Subjects were selected from a Natural History, Long-term Follow-up and Pathogenesis Study of HIV Infection at the Maternal, Child, Adolescent Center for Infectious Diseases and Virology at the Los Angeles County, and the University of Southern California Medical Center in Los Angeles, CA. Informed consent was obtained for each patient in this IRB-approved study. At each routine clinic visit, a blood specimen was stored in the MCA repository for future research. Additional specimens from uninfected subjects were provided by individuals volunteering for another IRB approved sub-study of the Natural History Study.
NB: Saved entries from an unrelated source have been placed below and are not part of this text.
(* Let $H$ be a finite two-step nilpotent $p$-group with cyclic commutator subgroup $[H,H]$, and let $A$ be a maximal abelian subgroup of $H$. Then $m_{\mathsf{faithful}}(H)\le [H:A]+m_{\mathsf{faithful}}(Z(H))-1$.
   Context: For a finite group $G$, $m_{\mathsf{faithful}}(G)$ denotes the smallest dimension of a faithful complex representation of $G$. *)

From HB Require Import structures.
From mathcomp Require Import all_boot all_order all_algebra all_fingroup all_solvable all_field all_character.
Set Implicit Arguments. Unset Strict Implicit. Unset Printing Implicit Defensive.

Definition has_faithful_rep (gT : finGroupType) (G : {group gT}) (n : nat) : Prop :=
  exists rG : mx_representation algC G n, mx_faithful rG.

Definition is_m_faithful (gT : finGroupType) (G : {group gT}) (m : nat) : Prop :=
  has_faithful_rep G m /\ (forall n, has_faithful_rep G n -> m <= n).

(* Write E for the socle Omega_1(Z(H)), elementary abelian.  A normal subgroup of
   the p-group H that meets E trivially is trivial, so a character of H is faithful
   as soon as its kernel meets E trivially.  Since [H,H] is central and cyclic, some
   irreducible chi is faithful on [H,H]; then S := E \cap ker chi meets [H,H]
   trivially, so S is separated by at most log_p |S| linear characters, and
   log_p |S| < log_p |E| because chi does not kill the subgroup of order p of
   [H,H], which lies in E.  A faithful representation of the abelian group Z(H)
   splits into lines whose kernels each have index at most p in E and meet
   trivially, so log_p |E| <= m(Z(H)).  Finally chi(1) <= [H:A] because chi is a
   constituent of a character induced from the abelian subgroup A.  Hence chi plus
   these linear characters, padded with trivial ones, is a faithful character of
   degree [H:A] + m(Z(H)) - 1. *)

From HB Require Import structures.
From mathcomp Require Import all_boot all_order all_algebra all_fingroup all_solvable all_field all_character.
Set Implicit Arguments. Unset Strict Implicit. Unset Printing Implicit Defensive.
Import Order.TTheory GRing.Theory Num.Theory.

Section PGroupFacts.

Local Open Scope group_scope.

Variable gT : finGroupType.
Implicit Types H K : {group gT}.

Lemma logn_proper_pgroup (p : nat) H K :
  p.-group K -> H \proper K -> logn p #|H| < logn p #|K|.
Proof.
move=> pK ltHK; have pH := pgroupS (proper_sub ltHK) pK.
have ntK : K :!=: 1.
  by rewrite -cardG_gt1 (leq_trans _ (proper_card ltHK)) // ltnS cardG_gt0.
have [p_pr _ _] := pgroup_pdiv pK ntK.
by rewrite -(ltn_exp2l _ _ (prime_gt1 p_pr)) -!card_pgroup ?proper_card.
Qed.

End PGroupFacts.

Section CharacterKernels.

Local Open Scope group_scope.
Local Open Scope ring_scope.

Variables (gT : finGroupType) (G : {group gT}).
Implicit Types (phi psi xi : 'CF(G)) (s : seq 'CF(G)).

Lemma cfker_charDl phi psi :
  phi \is a character -> psi \is a character -> cfker (phi + psi) \subset cfker phi.
Proof.
move=> Nphi Npsi; rewrite (cfkerE Nphi) subsetI cfker_sub.
apply/bigcapsP=> i phi_i; apply: cfker_constt (rpredD Nphi Npsi) _.
move: phi_i; rewrite !irr_consttE cfdotDl paddr_eq0 ?natr_ge0 ?Cnat_cfdot_char_irr //.
by apply: contra => /andP[].
Qed.

Lemma sum_char s :
  all (fun phi => phi \is a character) s -> \sum_(phi <- s) phi \is a character.
Proof. by move=> Ns; rewrite big_seq rpred_sum // => phi /(allP Ns). Qed.

Lemma cfker_sum_char s :
  all (fun phi => phi \is a character) s ->
  cfker (\sum_(phi <- s) phi) \subset \bigcap_(phi <- s) cfker phi.
Proof.
elim: s => [|phi s IHs] /=; first by rewrite !big_nil cfker_cfun0 subsetT.
case/andP=> Nphi Ns; rewrite !big_cons subsetI cfker_charDl ?sum_char //= addrC.
by rewrite (subset_trans (cfker_charDl _ _) (IHs Ns)) ?sum_char.
Qed.

Lemma sum_lin_char1 s :
  all (fun xi => xi \is a linear_char) s -> (\sum_(xi <- s) xi) 1%g = (size s)%:R.
Proof.
elim: s => [|xi s IHs] /=; first by rewrite big_nil cfunE.
by case/andP=> Lxi Ls; rewrite big_cons cfunE (IHs Ls) lin_char1 // -add1n natrD.
Qed.

Lemma card_irr_constt_le_char1 phi :
  phi \is a character -> #|irr_constt phi|%:R <= phi 1%g.
Proof.
move=> Nphi; rewrite {2}[phi]cfun_sum_constt sum_cfunE -sumr_const.
apply: ler_sum => i phi_i; rewrite cfunE.
have /natrP[m Dm] := Cnat_cfdot_char_irr i Nphi.
have /natrP[d chi1] := Cnat_irr1 i.
move: phi_i (irr1_gt0 i); rewrite irr_consttE Dm chi1 -natrM ler1n ltr0n.
by rewrite pnatr_eq0 muln_gt0 -lt0n => -> ->.
Qed.

Lemma irr1_le_index_abelian (A : {group gT}) (i : Iirr G) :
  A \subset G -> abelian A -> 'chi_i 1%g <= #|G : A|%:R.
Proof.
move=> sAG cAA; have [j Aj] := neq0_has_constt (Res_irr_neq0 A i).
have Gi : i \in irr_constt ('Ind[G] 'chi_j) by rewrite constt_Ind_Res.
apply: le_trans (char1_ge_constt (cfInd_char G (irr_char j)) Gi) _.
by rewrite cfInd1 // lin_char1 ?mulr1 //; apply/char_abelianP.
Qed.

Lemma indexg_cfker_lin_dvd_exponent xi :
  xi \is a linear_char -> (#|G : cfker xi| %| exponent G)%N.
Proof.
move=> Lxi; rewrite -card_quotient ?cfker_norm //.
have Zxi : ('Z(xi))%CF = G.
  apply/eqP; rewrite eqEsubset cfcenter_sub; apply/subsetP => x Gx.
  by rewrite char_cfcenterE ?lin_charW // normC_lin_char // lin_char1.
have cycGK := cfcenter_cyclic xi; rewrite Zxi in cycGK.
by rewrite -exponent_cyclic // exponent_quotient.
Qed.

Lemma cyclic_pgroup_TI_cfker (p : nat) (C : {group gT}) :
  p.-group C -> cyclic C -> exists i : Iirr G, cfker 'chi_i :&: C = 1%g.
Proof.
move=> pC cycC; have [-> | ntC] := eqsVneq C 1%g; first by exists 0; rewrite setIg1.
have oC1 := Ohm1_cyclic_pgroup_prime cycC pC ntC.
have [p_pr _ _] := pgroup_pdiv pC ntC.
have [i not_sC1K] : exists i, ~~ ('Ohm_1(C) \subset cfker 'chi[G]_i).
  apply/existsP; apply: contraR ntC => /existsPn sC1K.
  rewrite -Ohm1_eq1 -subG1 -(TI_cfker_irr G).
  by apply/bigcapsP => i _; apply/negbNE/sC1K.
by exists i; apply: TI_Ohm1; rewrite setIC prime_TIg ?oC1.
Qed.

Lemma has_faithful_rep_char phi (d n : nat) :
    phi \is a character -> cfker phi \subset [1] -> phi 1%g = d%:R ->
    (d <= n)%N ->
  has_faithful_rep G n.
Proof.
move=> Nphi ffphi phi1 le_dn.
have Npad : (n - d)%:R *: (1 : 'CF(G)) \is a character.
  by rewrite rpredZnat ?cfun1_char.
have /char_reprP[[m rG] DrG] := rpredD Nphi Npad.
have <- : m = n.
  apply/eqP; rewrite -(eqr_nat algC) -(cfRepr1 rG) -DrG !cfunE phi1.
  by rewrite cfun1E group1 mulr1 -natrD subnKC.
exists rG; rewrite /mx_faithful -cfker_repr.
rewrite -[cfRepr rG]/(cfRepr (Representation rG)) -DrG.
exact: subset_trans (cfker_charDl Nphi Npad) ffphi.
Qed.

Lemma has_faithful_rep_irr_lin (i : Iirr G) s (d n : nat) :
    nilpotent G -> all (fun xi => xi \is a linear_char) s -> 'chi_i 1%g = d%:R ->
    'Ohm_1('Z(G)) :&: cfker 'chi_i :&: \bigcap_(xi <- s) cfker xi \subset [1] ->
    (d + size s <= n)%N ->
  has_faithful_rep G n.
Proof.
move=> nilG Ls chi1 tiEs le_n.
have Nchi_s : all (fun xi => xi \is a character) ('chi_i :: s).
  by rewrite /= irr_char; apply/allP => xi /(allP Ls)/lin_charW.
set psi := \sum_(xi <- 'chi_i :: s) xi.
have sKpsi : cfker psi \subset cfker 'chi_i :&: \bigcap_(xi <- s) cfker xi.
  by have := cfker_sum_char Nchi_s; rewrite big_cons.
apply: (has_faithful_rep_char (sum_char Nchi_s) _ _ le_n).
  apply/trivgP/(TI_center_nil nilG (cfker_normal psi))/TI_Ohm1/trivgP.
  apply: subset_trans tiEs.
  change (cfker psi :&: 'Ohm_1('Z(G)) \subset
          'Ohm_1('Z(G)) :&: cfker 'chi_i :&: \bigcap_(xi <- s) cfker xi).
  by rewrite -setIA setIC setIS.
by rewrite big_cons cfunE chi1 sum_lin_char1 // -natrD.
Qed.

End CharacterKernels.

Section LinearCharacterCounting.

Local Open Scope group_scope.
Local Open Scope ring_scope.

Variables (gT : finGroupType) (G : {group gT}).
Implicit Types (E S : {group gT}) (s : seq 'CF(G)).

Lemma card_dvd_expn_lin_cfker (p : nat) E s :
    E \subset G -> (exponent E %| p)%N -> all (fun xi => xi \is a linear_char) s ->
    E :&: \bigcap_(xi <- s) cfker xi \subset [1] ->
  (#|E| %| p ^ size s)%N.
Proof.
elim: s E => [|xi s IHs] E sEG expE /=.
  by rewrite big_nil setIT expn0 => _ /trivgP->; rewrite cards1.
case/andP=> Lxi Ls; rewrite big_cons setIA => tiEs.
have sKE : E :&: cfker xi \subset E := subsetIl _ _.
rewrite -(Lagrange sKE) expnSr dvdn_mul //.
  apply: IHs => //; first exact: subset_trans sKE sEG.
  exact: dvdn_trans (exponentS sKE) expE.
change (#|E : E :&: cfker xi| %| p)%N; rewrite -cfker_Res ?lin_charW //.
exact: dvdn_trans (indexg_cfker_lin_dvd_exponent (cfRes_lin_char E Lxi)) expE.
Qed.

Lemma card_le_expn_faithful_rep_abelian (p n : nat) E :
    abelian G -> has_faithful_rep G n -> E \subset G -> (exponent E %| p)%N ->
    (0 < p)%N ->
  (#|E| <= p ^ n)%N.
Proof.
move=> cGG [rG ffG] sEG expE p_gt0; set phi := cfRepr rG.
pose s := [seq 'chi[G]_i | i <- enum (irr_constt phi)].
have size_s : (size s <= n)%N.
  rewrite size_map -cardE -(ler_nat algC) -(cfRepr1 rG).
  exact: card_irr_constt_le_char1 (cfRepr_char rG).
apply: leq_trans (leq_pexp2l p_gt0 size_s).
apply: dvdn_leq; first by rewrite expn_gt0 p_gt0.
apply: (card_dvd_expn_lin_cfker sEG expE).
  by apply/allP => _ /mapP[i _ ->]; apply/char_abelianP.
rewrite big_map big_enum /=; apply: subset_trans (setSI _ sEG) _.
by rewrite -cfkerE ?cfRepr_char // cfker_repr.
Qed.

Lemma logn_Ohm1_le_faithful_rep_abelian (p n : nat) :
    prime p -> p.-group G -> abelian G -> has_faithful_rep G n ->
  (logn p #|'Ohm_1(G)| <= n)%N.
Proof.
move=> p_pr pG cGG ffG; have sEG := Ohm_sub 1 G.
have /andP[_ expE] : abelian 'Ohm_1(G) && (exponent 'Ohm_1(G) %| p)%N.
  by rewrite -abelemE // Ohm1_abelem.
rewrite -(leq_exp2l _ _ (prime_gt1 p_pr)) -card_pgroup ?(pgroupS sEG) //.
exact: card_le_expn_faithful_rep_abelian cGG ffG sEG expE (prime_gt0 p_pr).
Qed.

Lemma lin_chars_TI_cfker (p : nat) S :
    p.-group S -> S \subset G -> S :&: G^`(1)%g \subset [1] ->
  exists s, [/\ all (fun xi => xi \is a linear_char) s,
              (size s <= logn p #|S|)%N
            & S :&: \bigcap_(xi <- s) cfker xi \subset [1]].
Proof.
elim: {S}_.+1 {-2}S (ltnSn #|S|) => // n IHn S leSn pS sSG tiSG'.
have [-> | ntS] := eqsVneq S 1%g.
  by exists [::]; split; rewrite ?big_nil ?setIT.
have [x Sx ntx] := trivgPn _ ntS.
have notG'x : x \notin G^`(1)%g.
  by apply: contra ntx => G'x; have := subsetP tiSG' x; rewrite !inE Sx G'x; apply.
have [i /andP[Li notKx]] : exists i : Iirr G,
    ('chi_i \is a linear_char) && (x \notin cfker 'chi_i).
  apply/existsP; apply: contraR notG'x => /existsPn sKx.
  by rewrite -cap_cfker_lin_irr; apply/bigcapP => i Li; move: (sKx i); rewrite Li negbK.
set S' := (S :&: cfker 'chi_i)%G.
have ltS'S : S' \proper S.
  by apply/properP; split; [exact: subsetIl | exists x; rewrite // inE (negbTE notKx) andbF].
have sS'S := proper_sub ltS'S.
have ltS'n : (#|S'| < n)%N := leq_trans (proper_card ltS'S) leSn.
have tiS'G' : S' :&: G^`(1)%g \subset [1] := subset_trans (setSI _ sS'S) tiSG'.
have [s [Ls size_s tiS's]] :=
  IHn S' ltS'n (pgroupS sS'S pS) (subset_trans sS'S sSG) tiS'G'.
exists ('chi_i :: s); split; rewrite /= ?Li ?big_cons ?setIA //.
exact: leq_ltn_trans size_s (logn_proper_pgroup pS ltS'S).
Qed.

End LinearCharacterCounting.

Theorem corollary3p8 (gT : finGroupType) (p : nat) (H A : {group gT})
  (mH mZ : nat) :
  prime p -> (p.-group H)%g -> nil_class H = 2 -> cyclic [~: H, H]%g ->
  [max A of B | (B \subset H) && abelian B]%g ->
  is_m_faithful H mH -> is_m_faithful 'Z(H)%G mZ ->
  mH <= #|H : A|%g + mZ - 1.
Proof.
Local Open Scope group_scope.
Local Open Scope ring_scope.
move=> p_pr pH clH2 cycH' maxA [_ minH] [ffZ _].
have /andP[sAH cAA] := maxgroupp maxA.
have sH'Z : H^`(1)%g \subset 'Z(H) by rewrite -nil_class2 clH2.
have ntH' : H^`(1)%g != 1%g by apply/eqP => /derG1P; rewrite -nil_class1 clH2.
have pZ : p.-group 'Z(H) := pgroupS (center_sub H) pH.
set E := 'Ohm_1('Z(H))%G; have sEZ : E \subset 'Z(H) := Ohm_sub 1 _.
have [i tiKH'] := cyclic_pgroup_TI_cfker H (pgroupS (der_sub 1 H) pH) cycH'.
set S := (E :&: cfker 'chi[H]_i)%G.
have ltSE : (logn p #|S| < logn p #|E|)%N.
  apply: logn_proper_pgroup (pgroupS sEZ pZ) _; rewrite properE subsetIl subsetI subxx.
  apply: contra ntH' => sEK; rewrite -Ohm1_eq1 -subG1 -tiKH' subsetI Ohm_sub andbT.
  exact: subset_trans (OhmS 1 sH'Z) sEK.
have tiSH' : S :&: H^`(1)%g \subset [1] by rewrite -tiKH' setSI // subsetIr.
have sSH : S \subset H := subset_trans (subsetIl _ _) (subset_trans sEZ (center_sub H)).
have [s [Ls size_s tiSs]] := lin_chars_TI_cfker (pgroupS sSH pH) sSH tiSH'.
have leEmZ := logn_Ohm1_le_faithful_rep_abelian p_pr pZ (center_abelian H) ffZ.
have /natrP[d chi1] := Cnat_irr1 i.
have le_dA : (d <= #|H : A|)%N by rewrite -(ler_nat algC) -chi1 irr1_le_index_abelian.
apply/minH/(has_faithful_rep_irr_lin (pgroup_nil pH) Ls chi1 tiSs).
have lt_s_mZ : (size s < mZ)%N := leq_ltn_trans size_s (leq_trans ltSE leEmZ).
have mZ_gt0 : (0 < mZ)%N := leq_ltn_trans (leq0n _) lt_s_mZ.
by rewrite -addnBA // leq_add // subn1 -ltnS prednK.
Qed.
Based on the availability of repository specimens collected between 2008 and 2011, patients fitting desired experimental criteria were selected and organized into groups with careful definition of clinical and virologic parameters. The most recently collected specimen available for each subject was selected to be used to measure gene expression. Subjects were chosen based on their HIV infection status, HIV exposure status, HIV viral load, and antiretroviral treatment status. The goal was to select approximately 10 subjects in three groups of patients infected with HIV based on their HIV viral load and treatment status, and two groups of uninfected patients based on their HIV exposure status. Among the patients infected with HIV, the following were selected: (i) 15 patients who received antiretroviral treatment and had an undetectable viral load (<50 copies/ml) for at least 2 years (infected/treated/non-viremic); (ii) nine subjects who also received antiretroviral treatment but who had a high viral load at the time of specimen collection of >10,000 copies/ml (infected/treated/high viral load); and (iii) nine patients who were not receiving treatment at the time of the specimen (infected/untreated). Among the uninfected individuals, nine were exposed perinatally to HIV but uninfected, and seven were unexposed. Other variables collected in the Natural History Study included antiretroviral drug regimen, gender, age at the time of the specimen collection, sex, ethnicity, perinatal versus behavioral mode of HIV transmission, race/ethnicity, and CD4 count at the time of the specimen collection.

Isolation of CD4+ T Cells

Peripheral blood mononuclear cells (PBMCs) were isolated from whole blood by density gradient centrifugation. The anticoagulant used was either EDTA or acid citrate dextrose. The cells were then cryopreserved in 90% fetal bovine serum with 10% DMSO and stored in liquid nitrogen until needed. All cells were cryopreserved between November, 2007 and October, 2011. Aliquots of frozen PBMCs were rapidly thawed and washed twice using 37°C water-bath warmed RPMI-1640 supplemented with 10% FBS. Cells were resuspended in PBS containing 2% FBS, and then aliquots were stained with trypan blue and evaluated for cell viability and recoverability. The CD4+ fraction of the total PBMCs was magnetically labeled with CD4 Microbeads (Miltenyi Biotec, Cambridge, MA). CD4+ cells were separated from the cell suspension in a column within a magnetic field. The column was then removed from the magnetic field, and the purified cells were eluted as the positively selected cell fraction and immediately processed for RNA isolation. Sample purity was assessed by flow cytometry, as described below.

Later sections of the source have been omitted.